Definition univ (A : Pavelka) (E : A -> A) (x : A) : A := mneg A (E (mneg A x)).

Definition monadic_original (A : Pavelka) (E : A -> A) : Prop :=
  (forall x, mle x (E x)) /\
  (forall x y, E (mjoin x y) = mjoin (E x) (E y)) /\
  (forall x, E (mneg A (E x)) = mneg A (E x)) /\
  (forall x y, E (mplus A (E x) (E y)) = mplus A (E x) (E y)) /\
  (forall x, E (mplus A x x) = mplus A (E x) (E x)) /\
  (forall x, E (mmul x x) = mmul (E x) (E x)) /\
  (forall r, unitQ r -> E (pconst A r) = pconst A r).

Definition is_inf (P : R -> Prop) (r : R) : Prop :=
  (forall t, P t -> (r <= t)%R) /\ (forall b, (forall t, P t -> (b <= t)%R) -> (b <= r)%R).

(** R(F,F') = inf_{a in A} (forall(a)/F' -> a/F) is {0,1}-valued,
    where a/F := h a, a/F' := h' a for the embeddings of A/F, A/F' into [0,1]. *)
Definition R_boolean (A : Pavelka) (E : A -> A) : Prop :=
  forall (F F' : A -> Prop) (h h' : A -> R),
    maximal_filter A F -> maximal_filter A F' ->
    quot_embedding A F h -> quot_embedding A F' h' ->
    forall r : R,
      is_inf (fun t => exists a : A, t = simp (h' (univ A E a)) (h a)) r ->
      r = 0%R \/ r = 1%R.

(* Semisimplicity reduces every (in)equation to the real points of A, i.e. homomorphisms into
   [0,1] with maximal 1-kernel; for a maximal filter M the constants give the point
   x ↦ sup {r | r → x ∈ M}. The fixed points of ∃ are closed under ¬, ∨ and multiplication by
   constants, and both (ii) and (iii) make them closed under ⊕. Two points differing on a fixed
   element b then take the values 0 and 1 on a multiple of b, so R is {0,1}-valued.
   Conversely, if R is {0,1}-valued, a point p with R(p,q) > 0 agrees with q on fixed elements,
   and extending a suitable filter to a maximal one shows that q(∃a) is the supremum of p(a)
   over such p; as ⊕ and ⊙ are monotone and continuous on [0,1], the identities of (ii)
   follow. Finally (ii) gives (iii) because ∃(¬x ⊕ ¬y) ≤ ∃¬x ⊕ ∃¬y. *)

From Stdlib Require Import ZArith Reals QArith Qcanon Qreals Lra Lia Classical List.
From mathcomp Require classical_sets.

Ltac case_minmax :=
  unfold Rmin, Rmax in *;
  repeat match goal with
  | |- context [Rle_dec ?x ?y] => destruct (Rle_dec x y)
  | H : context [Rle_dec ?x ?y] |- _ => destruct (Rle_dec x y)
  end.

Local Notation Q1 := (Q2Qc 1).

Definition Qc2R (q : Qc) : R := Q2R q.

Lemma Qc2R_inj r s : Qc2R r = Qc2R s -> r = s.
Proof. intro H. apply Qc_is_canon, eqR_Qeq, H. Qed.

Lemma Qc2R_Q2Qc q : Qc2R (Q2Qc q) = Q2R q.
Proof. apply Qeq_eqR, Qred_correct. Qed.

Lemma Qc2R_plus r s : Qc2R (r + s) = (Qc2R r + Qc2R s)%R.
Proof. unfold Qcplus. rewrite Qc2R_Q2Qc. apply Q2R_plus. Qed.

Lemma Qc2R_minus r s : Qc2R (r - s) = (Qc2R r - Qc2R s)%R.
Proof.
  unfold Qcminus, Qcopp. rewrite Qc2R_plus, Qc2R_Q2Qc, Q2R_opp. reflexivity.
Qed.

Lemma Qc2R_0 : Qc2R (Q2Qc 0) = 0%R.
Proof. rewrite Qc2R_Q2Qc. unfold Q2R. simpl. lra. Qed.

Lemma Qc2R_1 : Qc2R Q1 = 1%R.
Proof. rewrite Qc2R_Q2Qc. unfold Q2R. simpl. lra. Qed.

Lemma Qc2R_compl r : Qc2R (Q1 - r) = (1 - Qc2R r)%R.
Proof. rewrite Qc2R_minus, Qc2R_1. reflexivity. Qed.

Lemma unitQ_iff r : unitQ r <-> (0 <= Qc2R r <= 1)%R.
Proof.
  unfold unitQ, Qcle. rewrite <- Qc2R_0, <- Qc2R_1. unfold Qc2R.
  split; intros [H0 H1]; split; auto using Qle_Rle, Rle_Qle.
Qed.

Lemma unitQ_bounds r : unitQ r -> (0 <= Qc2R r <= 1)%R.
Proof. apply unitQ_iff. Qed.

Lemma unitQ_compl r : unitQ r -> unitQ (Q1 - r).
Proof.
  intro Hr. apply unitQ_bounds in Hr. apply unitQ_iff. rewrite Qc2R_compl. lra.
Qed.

■ Problem to work on
Report the number of lines above that contain the word "with", and only that number.

■ Finished exercise
3